● **MATERIAL SUPPLIED**:
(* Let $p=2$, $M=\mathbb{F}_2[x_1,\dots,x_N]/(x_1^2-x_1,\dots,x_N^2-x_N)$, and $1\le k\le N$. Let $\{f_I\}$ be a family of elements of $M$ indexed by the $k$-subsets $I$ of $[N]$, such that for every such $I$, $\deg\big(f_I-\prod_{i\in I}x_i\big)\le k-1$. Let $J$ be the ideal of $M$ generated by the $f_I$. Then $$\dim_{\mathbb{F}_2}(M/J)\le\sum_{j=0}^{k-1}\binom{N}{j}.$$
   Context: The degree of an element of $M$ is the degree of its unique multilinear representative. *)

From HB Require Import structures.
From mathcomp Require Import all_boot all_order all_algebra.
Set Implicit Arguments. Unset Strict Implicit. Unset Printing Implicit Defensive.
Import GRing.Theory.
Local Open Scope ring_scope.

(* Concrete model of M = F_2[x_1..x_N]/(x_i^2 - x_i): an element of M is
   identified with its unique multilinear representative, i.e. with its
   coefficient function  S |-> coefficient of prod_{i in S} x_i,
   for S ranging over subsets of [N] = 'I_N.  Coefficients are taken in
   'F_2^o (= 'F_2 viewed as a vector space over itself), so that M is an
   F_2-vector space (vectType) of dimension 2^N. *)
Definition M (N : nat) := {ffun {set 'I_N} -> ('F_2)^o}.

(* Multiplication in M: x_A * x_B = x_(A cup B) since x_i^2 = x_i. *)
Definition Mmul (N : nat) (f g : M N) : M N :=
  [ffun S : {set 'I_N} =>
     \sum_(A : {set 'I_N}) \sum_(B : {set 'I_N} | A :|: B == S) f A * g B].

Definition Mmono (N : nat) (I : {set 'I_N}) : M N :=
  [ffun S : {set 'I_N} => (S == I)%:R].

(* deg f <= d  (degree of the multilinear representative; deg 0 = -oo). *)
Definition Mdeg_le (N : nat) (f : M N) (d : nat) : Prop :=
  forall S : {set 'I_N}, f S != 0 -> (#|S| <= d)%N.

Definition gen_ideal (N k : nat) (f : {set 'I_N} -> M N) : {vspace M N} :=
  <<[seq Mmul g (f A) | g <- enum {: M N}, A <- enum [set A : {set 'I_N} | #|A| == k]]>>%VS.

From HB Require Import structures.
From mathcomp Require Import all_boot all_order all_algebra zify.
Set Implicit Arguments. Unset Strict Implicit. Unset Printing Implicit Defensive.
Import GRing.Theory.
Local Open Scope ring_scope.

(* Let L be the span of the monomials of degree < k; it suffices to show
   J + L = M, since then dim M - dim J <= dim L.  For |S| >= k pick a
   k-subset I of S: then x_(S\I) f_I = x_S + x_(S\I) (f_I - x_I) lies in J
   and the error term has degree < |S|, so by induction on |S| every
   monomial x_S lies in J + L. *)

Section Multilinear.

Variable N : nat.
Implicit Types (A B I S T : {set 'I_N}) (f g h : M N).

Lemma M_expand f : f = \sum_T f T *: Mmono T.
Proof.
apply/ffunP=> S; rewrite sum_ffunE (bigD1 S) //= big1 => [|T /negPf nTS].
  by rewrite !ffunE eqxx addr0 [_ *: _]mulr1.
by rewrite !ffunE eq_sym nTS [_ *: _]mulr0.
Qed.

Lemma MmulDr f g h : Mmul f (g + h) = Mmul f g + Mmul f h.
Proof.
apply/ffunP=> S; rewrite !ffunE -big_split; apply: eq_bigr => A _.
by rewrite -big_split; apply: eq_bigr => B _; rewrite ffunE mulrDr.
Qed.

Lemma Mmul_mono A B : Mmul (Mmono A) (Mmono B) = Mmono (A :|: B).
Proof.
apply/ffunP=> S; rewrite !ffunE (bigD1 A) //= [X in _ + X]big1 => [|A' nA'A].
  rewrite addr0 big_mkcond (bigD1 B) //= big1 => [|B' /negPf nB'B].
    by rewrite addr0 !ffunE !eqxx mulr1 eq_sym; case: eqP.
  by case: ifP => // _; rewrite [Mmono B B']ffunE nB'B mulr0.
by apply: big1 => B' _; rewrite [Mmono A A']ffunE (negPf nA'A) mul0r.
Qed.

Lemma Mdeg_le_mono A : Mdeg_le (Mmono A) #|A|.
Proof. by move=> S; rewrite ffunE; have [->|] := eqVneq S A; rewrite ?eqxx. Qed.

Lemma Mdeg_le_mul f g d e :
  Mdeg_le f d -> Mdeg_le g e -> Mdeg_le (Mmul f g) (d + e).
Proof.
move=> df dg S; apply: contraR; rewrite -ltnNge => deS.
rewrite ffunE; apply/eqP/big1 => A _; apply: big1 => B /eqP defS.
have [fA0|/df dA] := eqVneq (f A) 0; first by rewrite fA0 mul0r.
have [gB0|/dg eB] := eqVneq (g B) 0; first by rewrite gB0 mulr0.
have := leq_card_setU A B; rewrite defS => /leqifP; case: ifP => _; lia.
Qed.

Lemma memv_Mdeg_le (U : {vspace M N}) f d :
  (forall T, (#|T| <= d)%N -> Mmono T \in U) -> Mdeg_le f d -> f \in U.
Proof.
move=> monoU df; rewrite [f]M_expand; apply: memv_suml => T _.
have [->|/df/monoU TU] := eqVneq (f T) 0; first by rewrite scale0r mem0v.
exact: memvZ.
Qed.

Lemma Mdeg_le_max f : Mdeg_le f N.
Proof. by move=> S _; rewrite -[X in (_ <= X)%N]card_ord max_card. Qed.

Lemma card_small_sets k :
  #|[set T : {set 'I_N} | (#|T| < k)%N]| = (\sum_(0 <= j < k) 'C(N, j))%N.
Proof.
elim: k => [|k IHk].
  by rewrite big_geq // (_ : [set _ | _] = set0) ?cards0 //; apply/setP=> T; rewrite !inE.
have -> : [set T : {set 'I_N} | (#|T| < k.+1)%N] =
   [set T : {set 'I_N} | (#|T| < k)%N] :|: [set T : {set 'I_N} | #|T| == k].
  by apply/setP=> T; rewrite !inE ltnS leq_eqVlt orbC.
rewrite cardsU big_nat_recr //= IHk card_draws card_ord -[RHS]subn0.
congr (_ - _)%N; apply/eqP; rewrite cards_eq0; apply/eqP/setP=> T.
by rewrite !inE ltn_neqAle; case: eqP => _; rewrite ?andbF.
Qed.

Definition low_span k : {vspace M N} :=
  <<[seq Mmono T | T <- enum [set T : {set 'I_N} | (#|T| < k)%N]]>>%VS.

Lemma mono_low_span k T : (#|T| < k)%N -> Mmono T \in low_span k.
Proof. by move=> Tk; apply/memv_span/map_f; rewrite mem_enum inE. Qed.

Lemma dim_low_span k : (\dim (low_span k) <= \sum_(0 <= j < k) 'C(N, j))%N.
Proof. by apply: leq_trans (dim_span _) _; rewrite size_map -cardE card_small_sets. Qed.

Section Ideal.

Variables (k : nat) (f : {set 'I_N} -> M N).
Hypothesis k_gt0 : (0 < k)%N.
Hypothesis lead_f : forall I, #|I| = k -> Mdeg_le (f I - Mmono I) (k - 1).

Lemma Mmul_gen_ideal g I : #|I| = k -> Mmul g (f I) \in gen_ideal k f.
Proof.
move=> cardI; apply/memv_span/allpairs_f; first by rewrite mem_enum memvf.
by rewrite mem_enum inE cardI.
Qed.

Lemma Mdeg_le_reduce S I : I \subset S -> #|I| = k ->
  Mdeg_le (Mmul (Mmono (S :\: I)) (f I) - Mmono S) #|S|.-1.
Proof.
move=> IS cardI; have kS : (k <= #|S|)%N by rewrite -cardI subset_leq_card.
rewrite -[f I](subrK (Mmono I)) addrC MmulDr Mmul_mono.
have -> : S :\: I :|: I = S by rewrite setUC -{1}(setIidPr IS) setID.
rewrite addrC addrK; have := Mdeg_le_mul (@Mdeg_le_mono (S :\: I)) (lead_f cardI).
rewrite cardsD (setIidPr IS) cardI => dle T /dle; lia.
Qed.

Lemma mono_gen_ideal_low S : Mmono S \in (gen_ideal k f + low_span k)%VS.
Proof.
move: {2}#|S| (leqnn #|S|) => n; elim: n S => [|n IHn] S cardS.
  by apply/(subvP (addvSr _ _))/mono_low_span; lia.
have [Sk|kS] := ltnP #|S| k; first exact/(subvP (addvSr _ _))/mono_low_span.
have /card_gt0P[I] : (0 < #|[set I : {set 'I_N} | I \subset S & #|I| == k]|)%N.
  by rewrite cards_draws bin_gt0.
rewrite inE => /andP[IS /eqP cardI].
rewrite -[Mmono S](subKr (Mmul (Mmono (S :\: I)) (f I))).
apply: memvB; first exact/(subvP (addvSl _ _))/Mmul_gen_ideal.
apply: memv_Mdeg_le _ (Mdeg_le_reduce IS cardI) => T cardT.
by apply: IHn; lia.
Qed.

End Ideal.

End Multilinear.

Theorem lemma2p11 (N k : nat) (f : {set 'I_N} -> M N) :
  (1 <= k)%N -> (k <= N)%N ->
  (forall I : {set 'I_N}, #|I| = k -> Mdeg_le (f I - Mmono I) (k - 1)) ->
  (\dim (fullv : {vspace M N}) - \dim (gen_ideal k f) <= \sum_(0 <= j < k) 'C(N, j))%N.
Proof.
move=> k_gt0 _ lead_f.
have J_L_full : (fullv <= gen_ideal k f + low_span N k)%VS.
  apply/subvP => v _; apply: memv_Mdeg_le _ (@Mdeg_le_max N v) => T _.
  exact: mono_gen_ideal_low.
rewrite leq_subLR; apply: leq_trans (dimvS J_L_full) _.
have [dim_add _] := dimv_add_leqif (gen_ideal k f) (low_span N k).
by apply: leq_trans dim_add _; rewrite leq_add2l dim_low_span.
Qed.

● **YOUR ASSIGNMENT**:
Find every line above where the word "vector" occurs, and copy that line.

● **ANSWER TO THIS EXERCISE**:
   'F_2^o (= 'F_2 viewed as a vector space over itself), so that M is an
   F_2-vector space (vectType) of dimension 2^N. *)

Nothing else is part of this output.